Transcribe each entry. Change nothing.

[Start of section]

Lemma primitive_sg_residue (z : nat) : 4 * m <= z < 5 * m ->
  z %% m \notin [seq x %% m | x <- 0 :: A ++ A2 ++ A3] -> primitive Sg z.
Proof.
move=> z_rng zH; apply/and3P; split; [by apply/orP; right; lia | lia |].
apply/existsP => -[x /and3P[x_gt0 Sx Szx]]; case/negP: zH.
have x_lt : x < z := ltn_ord x.
have x_ge := sg_ge_m _ Sx x_gt0.
have zx_ge : m <= z - x by apply: sg_ge_m Szx _; lia.
have x_lt4 : x < 4 * m by lia.
have zx_lt4 : z - x < 4 * m by lia.
have [j1 [X1 [sX1 e1]]] := sg_below_4m _ Sx x_lt4.
have [j2 [X2 [sX2 e2]]] := sg_below_4m _ Szx zx_lt4.
have sX : {subset X1 ++ X2 <= A} by move=> y; rewrite mem_cat => /orP[/sX1|/sX2].
have ez : z = (j1 + j2) * m + sumn (X1 ++ X2) by rewrite sumn_cat mulnDl; lia.
have X_le3 : size (X1 ++ X2) <= 3.
  rewrite leqNgt; apply/negP => X_ge4; have := sumn_sub_range _ sX.
  have : 4 * a <= size (X1 ++ X2) * a by rewrite leq_mul2r X_ge4 orbT.
  lia.
by rewrite ez modnMDl; apply: (map_f (modn^~ m)); apply: sumn_le3_mem.
Qed.

Lemma nprim_sg_ge : uniq A ->
  (size A).+1 + (m - (size A + size A2 + size A3).+1) <= nprim (m :: A) (4 * m).
Proof.
move=> A_uniq; rewrite /nprim.
rewrite [X in iota _ X](_ : 2 * (4 * m) + 2 = 4 * m + m + (3 * m + 2)); last lia.
rewrite iotaD iotaD !count_cat add0n; apply: (leq_trans _ (leq_addr _ _)); apply: leq_add.
- apply: (uniq_leq_count_iota _ _ _ (m :: A)).
    by rewrite /= A_uniq andbT; apply/negP => /A_range; lia.
  move=> y yA; split; last exact: primitive_sg_generator.
  by case/predU1P: yA => [->|/A_range]; lia.
- set H := [seq x %% m | x <- 0 :: A ++ A2 ++ A3].
  have -> : (size A + size A2 + size A3).+1 = size H by rewrite size_map /= !size_cat addnA.
  apply: leq_trans (leq_count_residues_notin H m 4) _.
  apply: sub_in_count => z; rewrite mem_iota => z_rng.
  by apply: primitive_sg_residue; lia.
Qed.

[End of section]

:: Reply to the exercise ::
Lemma primitive_sg_residue (z : nat) : 4 * m <= z < 5 * m ->
  z %% m \notin [seq x %% m | x <- 0 :: A ++ A2 ++ A3] -> primitive Sg z.
Proof.
move=> z_rng zH; apply/and3P; split; [by apply/orP; right; lia | lia |].
apply/existsP => -[x /and3P[x_gt0 Sx Szx]]; case/negP: zH.
have x_lt : x < z := ltn_ord x.
have x_ge := sg_ge_m _ Sx x_gt0.
have zx_ge : m <= z - x by apply: sg_ge_m Szx _; lia.
have x_lt4 : x < 4 * m by lia.
have zx_lt4 : z - x < 4 * m by lia.
have [j1 [X1 [sX1 e1]]] := sg_below_4m _ Sx x_lt4.
have [j2 [X2 [sX2 e2]]] := sg_below_4m _ Szx zx_lt4.
have sX : {subset X1 ++ X2 <= A} by move=> y; rewrite mem_cat => /orP[/sX1|/sX2].
have ez : z = (j1 + j2) * m + sumn (X1 ++ X2) by rewrite sumn_cat mulnDl; lia.
have X_le3 : size (X1 ++ X2) <= 3.
  rewrite leqNgt; apply/negP => X_ge4; have := sumn_sub_range _ sX.
  have : 4 * a <= size (X1 ++ X2) * a by rewrite leq_mul2r X_ge4 orbT.
  lia.
by rewrite ez modnMDl; apply: (map_f (modn^~ m)); apply: sumn_le3_mem.
Qed.

Lemma nprim_sg_ge : uniq A ->
  (size A).+1 + (m - (size A + size A2 + size A3).+1) <= nprim (m :: A) (4 * m).
Proof.
move=> A_uniq; rewrite /nprim.
rewrite [X in iota _ X](_ : 2 * (4 * m) + 2 = 4 * m + m + (3 * m + 2)); last lia.
rewrite iotaD iotaD !count_cat add0n; apply: (leq_trans _ (leq_addr _ _)); apply: leq_add.
- apply: (uniq_leq_count_iota _ _ _ (m :: A)).
    by rewrite /= A_uniq andbT; apply/negP => /A_range; lia.
  move=> y yA; split; last exact: primitive_sg_generator.
  by case/predU1P: yA => [->|/A_range]; lia.
- set H := [seq x %% m | x <- 0 :: A ++ A2 ++ A3].
  have -> : (size A + size A2 + size A3).+1 = size H by rewrite size_map /= !size_cat addnA.
  apply: leq_trans (leq_count_residues_notin H m 4) _.
  apply: sub_in_count => z; rewrite mem_iota => z_rng.
  by apply: primitive_sg_residue; lia.
Qed.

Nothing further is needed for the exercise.